For most of the last decade, the dominant story about customer experience has been a story about friction. Friction was the enemy. Long hold times, repetitive forms, sluggish processes, and the indignity of being passed from one department to another. The promise of automation, and then AI, was that friction could be engineered out of the system.

There is a moment most people have had in the last year that no one talks about in strategy meetings. You’re trying to resolve something with a company. A canceled flight, a denied claim, a charge you don’t recognize. You open the chat window. The bot greets you by name and asks how it can help. You type. It misreads you. You rephrase. It misreads you again. You type the word agent and it offers you a help article. You type it again, and it asks if you’d like to start over. By the time a person finally appears, you’re not a customer anymore. You’re an opponent.

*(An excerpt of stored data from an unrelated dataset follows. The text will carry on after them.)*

(* Consider a PIR scheme for a graph $G=(\mathcal{S},\mathcal{W})$. Let $S\in\mathcal{S}$ be a server of degree $\delta$ and let $S_1,\dots,S_\delta$ be any enumeration of its neighbors. Then \[ H(A_S)\ \ge\ \sum_{i=1}^{\delta}\max\Big\{0,\ L-\sum_{j=i}^{\delta}H(A_{S_j})\Big\}, \] where $A_T$ denotes the answer of server $T$.
   Context: Graph-based PIR model (non-colluding servers, 2-replication). A simple graph $G=(\mathcal{S},\mathcal{W})$ has vertex set $\mathcal{S}$ of $N$ servers and edge set $\mathcal{W}=\{W_1,\dots,W_K\}$ of files; each file is identified with the edge of the two servers storing it, $W_{T}$ denotes the set of files stored on server $T$. Files are independent, each uniform on $\mathbb{F}_2^L$. A user wants $W_\theta$, $\theta$ uniform on $[K]$ and independent of the files; it generates one query per server, $\mathcal{Q}$ denoting the set of all queries, with $\mathcal{Q}$ independent of the files. Each server $T$ returns an answer $A_T$ that is a deterministic function of its query and $W_T$. Reliability: $W_\theta$ is determined by all answers and queries. Privacy: for each server $T$, $H(\theta\mid Q_T,W_T)=\log K$. *)

From HB Require Import structures.
From mathcomp Require Import all_boot all_order all_algebra.
From mathcomp Require Import reals exp.
Set Implicit Arguments. Unset Strict Implicit. Unset Printing Implicit Defensive.
Import Order.TTheory GRing.Theory Num.Theory.
Local Open Scope ring_scope.

Section Entropy.
Variable R : realType.

Definition log2 (x : R) : R := ln x / ln 2.

Definition dist {Om A : finType} (P : Om -> R) (X : Om -> A) (a : A) : R :=
  \sum_(w | X w == a) P w.

Definition entropy {Om A : finType} (P : Om -> R) (X : Om -> A) : R :=
  - \sum_(a : A) (if dist P X a == 0 then 0 else dist P X a * log2 (dist P X a)).
Lemma realizable_glue d k1 k2 :
  realizable P1 (with_deg d c k1) -> realizable P2 (with_deg d c k2) ->
  (k1 + k2 = d c)%N -> realizable P d.
Proof.
move=> [T1 [T1_tree T1_nc T1_deg]] [T2 [T2_tree T2_nc T2_deg]] d_c.
exists (T1 ++ T2); split.
- exact: glue_spanning_tree.
- exact: glue_non_crossing.
move=> v; rewrite deg_cat P_eq mem_cat.
have [-> _|vNc /orP[vP1|vP2]] := eqVneq v c.
  by rewrite T1_deg ?T2_deg // /with_deg eqxx.
- have vNP2 : v \notin P2 by apply: contra vNc => vP2; rewrite (P1_P2 vP1 vP2).
  rewrite T1_deg // (@deg_notin P2) ?addn0 /with_deg ?(negbTE vNc) //.
  by case: T2_tree.
- have vNP1 : v \notin P1 by apply: contra vNc => vP1; rewrite (P1_P2 vP1 vP2).
  rewrite T2_deg // (@deg_notin P1) /with_deg ?(negbTE vNc) //.
  by case: T1_tree.
Qed.

End Glue.

Lemma realizable_pair a b (d : point -> nat) : a != b -> d a = 1%N -> d b = 1%N ->
  realizable [:: a; b] d.
Proof.
move=> ab da db; exists [:: (a, b)]; split.
- split.
  + split=> // e; rewrite mem_seq1 => /eqP -> /=; first by rewrite !inE !eqxx ab orbT.
    by rewrite mem_seq1; apply: contra ab => /eqP[->].
  + move=> x y; rewrite !inE => /orP[] /eqP -> /orP[] /eqP ->.
    * by exists [::].
    * by exists [:: b]; rewrite /= /adj inE eqxx.
    * by exists [:: a]; rewrite /= /adj !inE eqxx orbT.
    * by exists [::].
  + move=> cy cy_size cy_uniq; apply/negP => cy_cycle.
    suff : {subset cy <= [:: a; b]} by move/(uniq_leq_size cy_uniq); rewrite leqNgt cy_size.
    move=> x /(next_cycle cy_cycle); rewrite /adj !mem_seq1.
    by case/orP => /eqP[] => [-> _|_ ->]; rewrite !inE eqxx ?orbT.
- by move=> e1 e2; rewrite !mem_seq1 => /eqP -> /eqP ->; rewrite eqxx.
- by move=> v; rewrite !inE /deg /= => /orP[] /eqP ->; rewrite eqxx ?orbT ?da ?db.
Qed.

Definition orient (o a b : point) : R :=
  (a.1 - o.1) * (b.2 - o.2) - (a.2 - o.2) * (b.1 - o.1).

Lemma collinear_orient a b c : collinear a b c = (orient a b c == 0).
Proof. by []. Qed.

Lemma orient_swap o a b : orient o b a = - orient o a b.
Proof. by rewrite /orient; ring. Qed.

Lemma orient_same o a : orient o a a = 0.
Proof. by rewrite /orient; ring. Qed.

Lemma orient_origin o a : orient o o a = 0.
Proof. by rewrite /orient; ring. Qed.

Lemma orient_affine o a : affine (fun z => orient o z a).
Proof. by move=> u v t; rewrite /orient /=; ring. Qed.

Definition lex_lt (a b : point) : bool := (a.1 < b.1) || ((a.1 == b.1) && (a.2 < b.2)).
(* Let $\mathcal{N}_{A'B'\to AB}$ be a bipartite replacer channel, $\mathcal{N}(\rho_{A'B'})=\operatorname{Tr}[\rho_{A'B'}]\,\omega_{AB}$ for a fixed state $\omega_{AB}$. Then $$E_N(\mathcal{N})=E_N(\omega_{AB}),\qquad \mathbf{R}(\mathcal{N})=\mathbf{R}(\omega_{AB}).$$
   Context: $T_X$ is the partial transpose on $X$. For a state, $E_N(\omega_{AB})=\log\|T_B(\omega_{AB})\|_1$. For a bipartite map (Alice: $A',A$; Bob: $B',B$), $E_N(\mathcal{M})=\log\|T_B\circ\mathcal{M}\circ T_{B'}\|_\diamond$ with $\|\mathcal{P}\|_\diamond=\sup_\psi\|(\mathrm{id}_{S_AS_B}\otimes\mathcal{P})(\psi_{S_AA'B'S_B})\|_1$ over pure states. $\mathbf{D}$ is a generalized divergence: a function $\mathbf{D}(\rho\|\sigma)$ ($\rho$ a state, $\sigma\ge0$) obeying $\mathbf{D}(\rho\|\sigma)\ge\mathbf{D}(\mathcal{E}(\rho)\|\mathcal{E}(\sigma))$ for all channels $\mathcal{E}$. Generalized channel divergence: $\mathbf{D}(\mathcal{N}\|\mathcal{M})=\sup_{\psi}\mathbf{D}((\mathrm{id}\otimes\mathcal{N})(\psi_{S_AA'B'S_B})\|(\mathrm{id}\otimes\mathcal{M})(\psi_{S_AA'B'S_B}))$ over pure states with $S_A\simeq A'$, $S_B\simeq B'$. Generalized Rains information of a bipartite channel: $\mathbf{R}(\mathcal{N})=\inf_{\mathcal{M}:E_N(\mathcal{M})\le0}\mathbf{D}(\mathcal{N}\|\mathcal{M})$ over completely positive bipartite maps $\mathcal{M}_{A'B'\to AB}$. Generalized Rains relative entropy of a state: $\mathbf{R}(\omega_{AB})=\inf\{\mathbf{D}(\omega_{AB}\|\sigma_{AB}):\sigma_{AB}\ge0,\ E_N(\sigma_{AB})\le0\}$. *)

From Stdlib Require Import Reals Lra ClassicalEpsilon.
Open Scope R_scope.

Definition C := (R * R)%type.
Definition Cre (z : C) : R := fst z.
Definition Cim (z : C) : R := snd z.
Definition C0 : C := (0, 0).
Definition C1 : C := (1, 0).
Definition Cadd (z w : C) : C := (fst z + fst w, snd z + snd w).
Definition Cmul (z w : C) : C :=
  (fst z * fst w - snd z * snd w, fst z * snd w + snd z * fst w).
Definition Cconj (z : C) : C := (fst z, - snd z).

Fixpoint csum (n : nat) (f : nat -> C) : C :=
  match n with O => C0 | S k => Cadd (csum k f) (f k) end.

(** * Matrices: an n x n matrix is given by its entries with indices < n;
    entries outside the range are ignored (compare with [meq]). *)
Definition Mat := nat -> nat -> C.
Definition Vec := nat -> C.

Definition meq (n : nat) (X Y : Mat) : Prop :=
  forall i j, (i < n)%nat -> (j < n)%nat -> X i j = Y i j.
Definition madd (X Y : Mat) : Mat := fun i j => Cadd (X i j) (Y i j).
Definition mscale (c : C) (X : Mat) : Mat := fun i j => Cmul c (X i j).
Definition mmul (n : nat) (X Y : Mat) : Mat :=
  fun i j => csum n (fun k => Cmul (X i k) (Y k j)).
Definition madj (X : Mat) : Mat := fun i j => Cconj (X j i).
Definition mtrace (n : nat) (X : Mat) : C := csum n (fun i => X i i).

Definition quad (n : nat) (X : Mat) (v : Vec) : C :=
  csum n (fun i => csum n (fun j => Cmul (Cconj (v i)) (Cmul (X i j) (v j)))).

Definition psd (n : nat) (X : Mat) : Prop :=
  (forall i j, (i < n)%nat -> (j < n)%nat -> X i j = Cconj (X j i)) /\
  (forall v : Vec, 0 <= Cre (quad n X v)).

Definition state (n : nat) (X : Mat) : Prop := psd n X /\ mtrace n X = C1.

Definition unit_vec (n : nat) (v : Vec) : Prop :=
  Cre (csum n (fun i => Cmul (Cconj (v i)) (v i))) = 1.
Definition proj (v : Vec) : Mat := fun i j => Cmul (v i) (Cconj (v j)).

(** * Tensor products.  The index of |i> (x) |j> in C^a (x) C^b is i*b+j. *)

(** partial transpose on the second factor of C^a (x) C^b:
    (T_B X)[(i,j),(k,l)] = X[(i,l),(k,j)] *)
Definition ptB (a b : nat) (X : Mat) : Mat :=
  fun p q => X ((p / b) * b + q mod b)%nat ((q / b) * b + p mod b)%nat.

(** (id_k (x) E)(X) for a linear map E from n x n to m x m matrices *)
Definition idtensor (k n m : nat) (E : Mat -> Mat) (X : Mat) : Mat :=
  fun p q => E (fun a b => X ((p / m) * n + a)%nat ((q / m) * n + b)%nat)
               (p mod m) (q mod m).

Definition lin_map (n m : nat) (E : Mat -> Mat) : Prop :=
  (forall X Y, meq n X Y -> meq m (E X) (E Y)) /\
  (forall X Y, meq m (E (madd X Y)) (madd (E X) (E Y))) /\
  (forall c X, meq m (E (mscale c X)) (mscale c (E X))).

Definition CP (n m : nat) (E : Mat -> Mat) : Prop :=
  lin_map n m E /\
  forall (k : nat) (X : Mat), psd (k * n)%nat X -> psd (k * m)%nat (idtensor k n m E X).

Definition TP (n m : nat) (E : Mat -> Mat) : Prop :=
  forall X, mtrace m (E X) = mtrace n X.

Definition channel (n m : nat) (E : Mat -> Mat) : Prop := CP n m E /\ TP n m E.

Definition trace_norm (n : nat) (X : Mat) : R :=
  epsilon (inhabits 0) (fun t => exists Y, psd n Y /\
     meq n (mmul n Y Y) (mmul n (madj X) X) /\ t = Cre (mtrace n Y)).

Inductive Rbar := Fin (r : R) | PInf | MInf.
Definition Rbar_le (x y : Rbar) : Prop :=
  match x, y with
  | MInf, _ => True
  | _, PInf => True
  | Fin a, Fin b => a <= b
  | _, _ => False
  end.
Definition is_sup (S : Rbar -> Prop) (s : Rbar) : Prop :=
  (forall x, S x -> Rbar_le x s) /\
  (forall u, (forall x, S x -> Rbar_le x u) -> Rbar_le s u).
Definition is_inf (S : Rbar -> Prop) (s : Rbar) : Prop :=
  (forall x, S x -> Rbar_le s x) /\
  (forall u, (forall x, S x -> Rbar_le u x) -> Rbar_le u s).
Definition Rbar_sup (S : Rbar -> Prop) : Rbar := epsilon (inhabits MInf) (is_sup S).
Definition Rbar_inf (S : Rbar -> Prop) : Rbar := epsilon (inhabits MInf) (is_inf S).
Definition Rbar_ln (x : Rbar) : Rbar :=
  match x with
  | Fin r => if Rlt_dec 0 r then Fin (ln r) else MInf
  | PInf => PInf
  | MInf => MInf
  end.

(** * Diamond norm of a map P from n x n to m x m matrices:
    sup over pure states on S (x) (input), S = S_A S_B of arbitrary dimension. *)
Definition diamond (n m : nat) (P : Mat -> Mat) : Rbar :=
  Rbar_sup (fun x => exists (sA sB : nat) (v : Vec),
     (0 < sA)%nat /\ (0 < sB)%nat /\ unit_vec ((sA * sB) * n)%nat v /\
     x = Fin (trace_norm ((sA * sB) * m)%nat (idtensor (sA * sB)%nat n m P (proj v)))).

Definition EN_map (dA' dB' dA dB : nat) (M : Mat -> Mat) : Rbar :=
  Rbar_ln (diamond (dA' * dB')%nat (dA * dB)%nat (fun X => ptB dA dB (M (ptB dA' dB' X)))).
Definition EN_state (dA dB : nat) (w : Mat) : Rbar :=
  Rbar_ln (Fin (trace_norm (dA * dB)%nat (ptB dA dB w))).

(** * Generalized divergences: D n rho sigma, for n x n matrices *)
Definition Div := nat -> Mat -> Mat -> Rbar.
Definition gen_div (D : Div) : Prop :=
  forall (n m : nat) (E : Mat -> Mat) (rho sigma : Mat),
    channel n m E -> state n rho -> psd n sigma ->
    Rbar_le (D m (E rho) (E sigma)) (D n rho sigma).

(** generalized channel divergence, reference S = S_A S_B with S_A ~ A', S_B ~ B'
    (so dim S = n = dim A'B') *)
Definition chan_div (D : Div) (n m : nat) (N M : Mat -> Mat) : Rbar :=
  Rbar_sup (fun x => exists v : Vec, unit_vec (n * n)%nat v /\
     x = D (n * m)%nat (idtensor n n m N (proj v)) (idtensor n n m M (proj v))).

Definition rains_map (D : Div) (dA' dB' dA dB : nat) (N : Mat -> Mat) : Rbar :=
  Rbar_inf (fun x => exists M : Mat -> Mat,
     CP (dA' * dB')%nat (dA * dB)%nat M /\ Rbar_le (EN_map dA' dB' dA dB M) (Fin 0) /\
     x = chan_div D (dA' * dB')%nat (dA * dB)%nat N M).

Definition rains_state (D : Div) (dA dB : nat) (w : Mat) : Rbar :=
  Rbar_inf (fun x => exists sigma : Mat,
     psd (dA * dB)%nat sigma /\ Rbar_le (EN_state dA dB sigma) (Fin 0) /\
     x = D (dA * dB)%nat w sigma).

Definition replacer (n : nat) (w : Mat) : Mat -> Mat :=
  fun X => mscale (mtrace n X) w.

(** The whole argument rests on one identity: for any input [X] on [S (x) A'B'],
    [(id_S (x) N)(X) = Tr_{A'B'}[X] (x) w] (Lemma [idtensor_replacer]).
    - Log-negativity.  [T_B o N o T_B'] is again a replacer, with output [T_B w].
      Every value in its diamond norm is [||rho (x) T_B w||_1 = ||T_B w||_1] with [rho]
      the marginal of the pure input, so the supremum is [||T_B w||_1].
    - Rains information, [<=]: for [sigma] with [E_N(sigma) <= 0], the replacer with
      output [sigma] is admissible, and both channel outputs are obtained from [(w, sigma)]
      by appending [rho], so data processing bounds the channel divergence by [D(w||sigma)].
    - Rains information, [>=]: for an admissible [M], feed [|00><00|] and trace out the
      reference; this channel maps the outputs to [w] and to [M(|0><0|)], which is
      positive and has [E_N <= 0] because [T_B' |0><0| = |0><0|]. *)

From Stdlib Require Import Reals Lra Lia ClassicalEpsilon FunctionalExtensionality.
From mathcomp Require all_boot all_algebra Rstruct complex spectral sesquilinear ring.
From Pilot Require Import Defs.
Open Scope R_scope.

This’s the part that the dashboards don’t capture, because the dashboards were built to capture something else.

For most of the last decade, the dominant story about customer experience has been a story about friction. Friction was the enemy. Long hold times, repetitive forms, sluggish processes, and the indignity of being passed from one department to another. The promise of automation, and then AI, was that friction could be engineered out of the system. Faster resolution. Lower cost to serve. Better experience, in theory, for everyone. The story wasn’t wrong. It was just incomplete.

Because as the operational friction came down, something else came up in its place. Something the metrics weren’t designed to see. Customers started reporting that the experience felt worse even when it was, by every measurable definition, faster. The interaction was more efficient and somehow more humiliating. The system worked, and yet people walked away feeling worked over. The category had solved one problem and unintentionally created another, and the new one’s harder to fix because it doesn’t show up in the same dashboard. The new problem isn’t friction. It’s conflict.

Friction Was Operational. Conflict Is Emotional.

The traditional definition of friction is logistical. It’s the time, the steps, and the effort it takes to get something done. Friction in that sense is annoying but impersonal. You wait, you repeat yourself, you fill out the form again, and eventually the thing happens. The cost is measured in minutes and patience.

What’s happening now is different in kind, not just in degree. Customers aren’t just frustrated by how long it takes to reach a resolution. They’re frustrated by the sense that no one inside the system is willing to recognize them. The chatbot doesn’t understand the nuance of their situation, and there’s no clear path to someone who will. The denial letter arrives without explanation, and the appeal form leads to another denial letter. The interface is fast, and the experience is cold. The faster it goes, the more it can feel like the company has decided the customer isn’t worth a human moment.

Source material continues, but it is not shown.